3. Les frais judiciaires de recours seront arrêtés à 600 fr (art. 48 et 61 OELP), mis à la charge du recourant qui succombe (art. 106 al. 1 CPC) et compensés avec l'avance de 1'100 fr. fournie, qui reste acquise à l'Etat de Genève à due concurrence, le solde lui étant restitué.

Le recourant sera par ailleurs condamné à verser une somme de 800 fr. à l'intimée à titre de dépens de recours, débours et TVA inclus (art. 20 et 23 LaCC; art. 85, 89 et 90 RTFMC).

* * * * *


PAR CES MOTIFS,
La Chambre civile :


Préalablement :

Rejette la requête de restitution de délai de recours formée par A______ dans la cause C/16398/2022-25 SML.

A la forme :

Déclare irrecevable le recours interjeté par A______ contre le jugement JTPI/251/2023 rendu le 3 janvier 2023 par le Tribunal de première instance dans la cause C/16398/2022-25 SML.

Sur les frais :

Arrête les frais judiciaires à 600 fr., les met à la charge de A______ et dit qu'ils sont compensés avec l'avance fournie, qui reste acquise à l'Etat de Genève à due concurrence.

Invite les Services financiers du Pouvoir judiciaire à restituer la somme de 500 fr. à A______.

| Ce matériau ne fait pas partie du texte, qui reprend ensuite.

Lemma Mscale_scalar z A : Mscale z A = Mmul (Mscalar z) A.
Proof. destruct z; destruct_M2 A; unfold Mscalar; entrywise; ring. Qed.
Lemma Mscalar_mul z w : Mmul (Mscalar z) (Mscalar w) = Mscalar (Cmul z w).
Proof. destruct z, w; unfold Mscalar; entrywise; ring. Qed.
Lemma m11_scalar z : m11 (Mscalar z) = z.
Proof. destruct z; entrywise; ring. Qed.
Lemma Mscalar_inj z w : Mscalar z = Mscalar w -> z = w.
Proof. intro E; rewrite <- (m11_scalar z), <- (m11_scalar w), E; reflexivity. Qed.
Lemma U2_scalar z : inU2 (Mscalar z) <-> inU1 z.
Proof.
  destruct z; unfold inU1, Cnorm2, inU2, Mscalar; simpl; split.
  - intro H; injection H; intros; nsatz.
  - intro; entrywise; nsatz.
Qed.

Definition central (X : M2) : Prop := forall Y, inU2 Y -> Mmul X Y = Mmul Y X.

Lemma central_scalar z : central (Mscalar z).
Proof. intros Y _; destruct z; destruct_M2 Y; unfold Mscalar; entrywise; ring. Qed.

(* Commuting with [diag(1, -1)] forces [X] diagonal, commuting with [Mswap] then makes it scalar. *)
Lemma central_eq_scalar X : central X -> X = Mscalar (m11 X).
Proof.
  intro cX.
  assert (U1_1 : inU1 Defs.C1) by (unfold inU1, Cnorm2; simpl; ring).
  assert (U1_m1 : inU1 (mkC (-1) 0)) by (unfold inU1, Cnorm2; simpl; ring).
  generalize (cX _ (U2_diag _ _ U1_1 U1_m1)) (cX _ U2_swap).
  destruct_M2 X; unfold diag, Mswap, Mscalar; simpl; intros H1 H2.
  injection H1; injection H2; intros; entrywise; lra.
Qed.

(* [tau (z I)] is again scalar (lemma [aut_scalar]); its scalar is read off the (1,1) entry. *)
Definition lift (tau : M2 -> M2) (p : Cx * M2) : Cx * M2 :=
  (m11 (tau (Mscalar (fst p))), tau (snd p)).

Section Automorphism.
Variable tau : M2 -> M2.
Hypothesis tau_U2 : forall X, inU2 X -> inU2 (tau X).
Hypothesis tau_mul : forall X Y, inU2 X -> inU2 Y -> tau (Mmul X Y) = Mmul (tau X) (tau Y).
Hypothesis tau_inj : forall X Y, inU2 X -> inU2 Y -> tau X = tau Y -> X = Y.
Hypothesis tau_surj : forall Y, inU2 Y -> exists X, inU2 X /\ tau X = Y.

Lemma aut_central X : inU2 X -> central X -> central (tau X).
Proof.
  intros HX cX Y HY; destruct (tau_surj Y HY) as (Z & HZ & <-).
  rewrite <- !tau_mul, cX by auto; reflexivity.
Qed.

Lemma aut_central_pre X : inU2 X -> central (tau X) -> central X.
Proof.
  intros HX cX Y HY; apply tau_inj; auto with u2.
  rewrite !tau_mul, cX by auto; reflexivity.
Qed.

Lemma aut_scalar z : inU1 z -> tau (Mscalar z) = Mscalar (m11 (tau (Mscalar z))).
Proof.
  intro Hz; apply central_eq_scalar, aut_central; [apply U2_scalar, Hz | apply central_scalar].
Qed.

Lemma aut_SU2 A : inSU2 A -> inSU2 (tau A).
Proof. intro HA; apply is_comm2_SU2, (hom_is_comm2 tau); auto using SU2_is_comm2. Qed.

Lemma aut_SU2_pre A : inU2 A -> inSU2 (tau A) -> inSU2 A.
Proof.
  intros HA H; apply is_comm2_SU2.
  destruct (SU2_is_comm2 _ H) as (X1 & Y1 & X2 & Y2 & H1 & H2 & H3 & H4 & E).
  destruct (tau_surj _ H1) as (Z1 & K1 & <-), (tau_surj _ H2) as (W1 & L1 & <-),
    (tau_surj _ H3) as (Z2 & K2 & <-), (tau_surj _ H4) as (W2 & L2 & <-).
  exists Z1, W1, Z2, W2; repeat split; auto.
  apply tau_inj; auto with u2.
  rewrite E, tau_mul, !(hom_comm tau) by auto with u2; reflexivity.
Qed.

Lemma rhohat_lift p : inU1SU2 p -> rhohat (lift tau p) = tau (rhohat p).
Proof.
  destruct p as [z A]; intros [Hz HA]; unfold lift, rhohat; simpl.
  rewrite (Mscale_scalar z), (Mscale_scalar (m11 _)), tau_mul, <- aut_scalar;
    auto; [apply U2_scalar, Hz | apply HA].
Qed.

Lemma lift_is_aut : is_group_aut inU1SU2 prodMul (lift tau).
Proof.
  assert (tau_scalar : forall z, inU1 z -> inU1 (m11 (tau (Mscalar z)))).
  { intros z Hz; apply U2_scalar; rewrite <- aut_scalar by auto; apply tau_U2, U2_scalar, Hz. }
  split; [| split; [| split]].
  - intros [z A] [Hz HA]; split; simpl; auto using aut_SU2.
  - intros [z A] [w B] [Hz [HA _]] [Hw [HB _]]; unfold lift, prodMul; simpl.
    apply U2_scalar in Hz, Hw.
    rewrite <- Mscalar_mul, !tau_mul, (aut_scalar z), (aut_scalar w), Mscalar_mul, !m11_scalar
      by (auto; apply U2_scalar; auto).
    reflexivity.
  - intros [z A] [w B] [Hz HA] [Hw HB]; unfold lift; simpl; intro E; injection E as Ez EA.
    rewrite (tau_inj A B) by (apply HA || apply HB || exact EA).
    rewrite (Mscalar_inj z w); auto.
    apply tau_inj; try apply U2_scalar; auto.
    rewrite aut_scalar, (aut_scalar w), Ez; auto.
  - intros [w B] [Hw HB].
    destruct (tau_surj (Mscalar w)) as (X & HX & EX); [apply U2_scalar, Hw |].
    assert (X_scalar : X = Mscalar (m11 X)).
    { apply central_eq_scalar, aut_central_pre; rewrite ?EX; auto using central_scalar. }
    destruct (tau_surj B (proj1 HB)) as (A & HA & EA).
    exists (m11 X, A); split; [split |]; simpl.
    + apply U2_scalar; rewrite <- X_scalar; exact HX.
    + apply aut_SU2_pre; rewrite ?EA; auto.
    + unfold lift; simpl; rewrite <- X_scalar, EX, m11_scalar, EA; reflexivity.
Qed.

End Automorphism.

(* For [z = x + i y] on the unit circle with [x <> -1], the square root is [(1 + z) / |1 + z|],
   and [|1 + z|^2 = 2 + 2 x]. *)
Lemma half_angle_norm x : -1 < x -> exists k n, k * n = 1 /\ n * n = 2 + 2 * x.
Proof.
  intro Hx; set (n := sqrt (2 + 2 * x)).
  assert (Hn : n * n = 2 + 2 * x) by (apply sqrt_sqrt; lra).
  assert (n <> 0) by (intro E; rewrite E in Hn; lra).
  exists (/ n), n; split; auto; field; auto.
Qed.

Lemma U1_square z : inU1 z -> exists w, inU1 w /\ Cmul w w = z.
Proof.
  destruct z as [x y]; unfold inU1, Cnorm2; simpl; intro Hz.
  destruct (Req_dec x (-1)) as [E | E].
  - exists (mkC 0 1); assert (y = 0) by nra; subst.
    unfold inU1, Cnorm2; split; simpl; [ring | entrywise; ring].
  - destruct (half_angle_norm x) as (k & n & Hk & Hn); [nra |].
    exists (mkC ((1 + x) * k) (y * k)); clear E.
    unfold inU1, Cnorm2; split; simpl; [| entrywise]; nsatz.
Qed.

Lemma SU2_square A : inSU2 A -> exists B, inSU2 B /\ Mmul B B = A.
Proof.
  intro HA; destruct (SU2_form A HA) as (x & y & u & v & Hn & ->).
  destruct (Req_dec x (-1)) as [E | E].
  - exists (diag (mkC 0 1) (mkC 0 (-1))).
    assert (y = 0) by nra; assert (u = 0) by nra; assert (v = 0) by nra; subst.
    unfold inSU2, inU2; repeat split; entrywise; ring.
  - destruct (half_angle_norm x) as (k & n & Hk & Hn'); [nra |].
    exists (mkM (mkC ((1 + x) * k) (y * k)) (mkC (u * k) (v * k))
                (mkC (- (u * k)) (v * k)) (mkC ((1 + x) * k) (- (y * k)))); clear E.
    unfold inSU2, inU2; repeat split; entrywise; nsatz.
Qed.

Lemma U1SU2_square p : inU1SU2 p -> exists q, inU1SU2 q /\ prodMul q q = p.
Proof.
  destruct p as [z A]; intros [Hz HA].
  destruct (U1_square z Hz) as (w & Hw & <-), (SU2_square A HA) as (B & HB & <-).
  exists (w, B); split; [split |]; auto.
Qed.

(* The kernel of [rhohat] is [{(1, I), (-1, -I)}], so a fibre of [rhohat] is [{q, -q}]. *)
Lemma rhohat_eq_square p q : inU1SU2 p -> inU1SU2 q -> rhohat p = rhohat q ->
  prodMul p p = prodMul q q.
Proof.
  destruct p as [z A], q as [w B]; unfold inU1SU2, rhohat, prodMul; simpl.
  intros [Hz [_ HA]] [Hw [_ HB]] E.
  assert (Hzz : Cmul (Cconj z) z = Defs.C1)
    by (clear - Hz; destruct z; unfold inU1, Cnorm2 in Hz; simpl in *; entrywise; nsatz).
  set (c := Cmul (Cconj z) w).
  assert (EA : A = Mscale c B).
  { unfold c; rewrite <- Mscale_scale, <- E, Mscale_scale, Hzz, Mscale_1; reflexivity. }
  assert (Ecc : Cmul c c = Defs.C1).
  { assert (D := f_equal Mdet EA); rewrite Mdet_scale, HA, HB in D.
    rewrite D; destruct (Cmul c c); entrywise; ring. }
  assert (Ew : w = Cmul z c).
  { unfold c; clear - Hzz; destruct z, w; simpl in *; injection Hzz; intros; entrywise; nsatz. }
  rewrite EA, Mscale_mul_scale, Ecc, Mscale_1, Ew.
  f_equal; destruct z, c; simpl in *; injection Ecc; intros; entrywise; nsatz.
Qed.

Lemma hom_eq_of_rhohat f g :
  (forall p, inU1SU2 p -> inU1SU2 (f p)) -> (forall p, inU1SU2 p -> inU1SU2 (g p)) ->
  (forall p q, inU1SU2 p -> inU1SU2 q -> f (prodMul p q) = prodMul (f p) (f q)) ->
  (forall p q, inU1SU2 p -> inU1SU2 q -> g (prodMul p q) = prodMul (g p) (g q)) ->
  (forall p, inU1SU2 p -> rhohat (f p) = rhohat (g p)) ->
  forall p, inU1SU2 p -> f p = g p.
Proof.
  intros f_U g_U f_mul g_mul E p Hp.
  destruct (U1SU2_square p Hp) as (q & Hq & <-).
  rewrite f_mul, g_mul by auto; apply rhohat_eq_square; auto.
Qed.

Theorem mainTheorem13 (tau : M2 -> M2) :
  is_group_aut inU2 Mmul tau ->
  exists tt : Cx * M2 -> Cx * M2,
    is_group_aut inU1SU2 prodMul tt /\
    (forall p, inU1SU2 p -> rhohat (tt p) = tau (rhohat p)) /\
    (forall tt' : Cx * M2 -> Cx * M2,
       is_group_aut inU1SU2 prodMul tt' ->
       (forall p, inU1SU2 p -> rhohat (tt' p) = tau (rhohat p)) ->
       forall p, inU1SU2 p -> tt' p = tt p).
Proof.
  intros (tau_U2 & tau_mul & tau_inj & tau_surj).
  assert (lift_aut := lift_is_aut tau tau_U2 tau_mul tau_inj tau_surj).
  assert (lift_rhohat := rhohat_lift tau tau_mul tau_surj).
  exists (lift tau); split; [exact lift_aut | split; [exact lift_rhohat |]].
  intros tt' (tt'_U & tt'_mul & _) tt'_rhohat.
  destruct lift_aut as (lift_U & lift_mul & _).
  apply hom_eq_of_rhohat; auto.
  intros p Hp; rewrite tt'_rhohat, lift_rhohat; auto.
Qed.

Condamne A______ à verser la somme de 800 fr. à B______ AG à titre de dépens de recours.

Siégeant :

Monsieur Laurent RIEBEN, président; Madame Fabienne GEISINGER-MARIETHOZ, Monsieur Ivo BUETTI, juges; Madame Mélanie DE RESENDE PEREIRA, greffière.

Le président :

Laurent RIEBEN

 

La greffière :

Mélanie DE RESENDE PEREIRA

 

 

 

 

Indication des voies de recours :

 

Conformément aux art. 113 ss de la loi fédérale sur le Tribunal fédéral du 17 juin 2005 (LTF; RS 173.110), le présent arrêt peut être porté dans les trente jours qui suivent sa notification avec expédition complète (art 100 al. 1 LTF) par-devant le Tribunal fédéral par la voie du recours constitutionnel subsidiaire.

 

Le recours doit être adressé au Tribunal fédéral, 1000 Lausanne 14.

 

Valeur litigieuse des conclusions pécuniaires au sens de la LTF inférieure à 30'000 fr.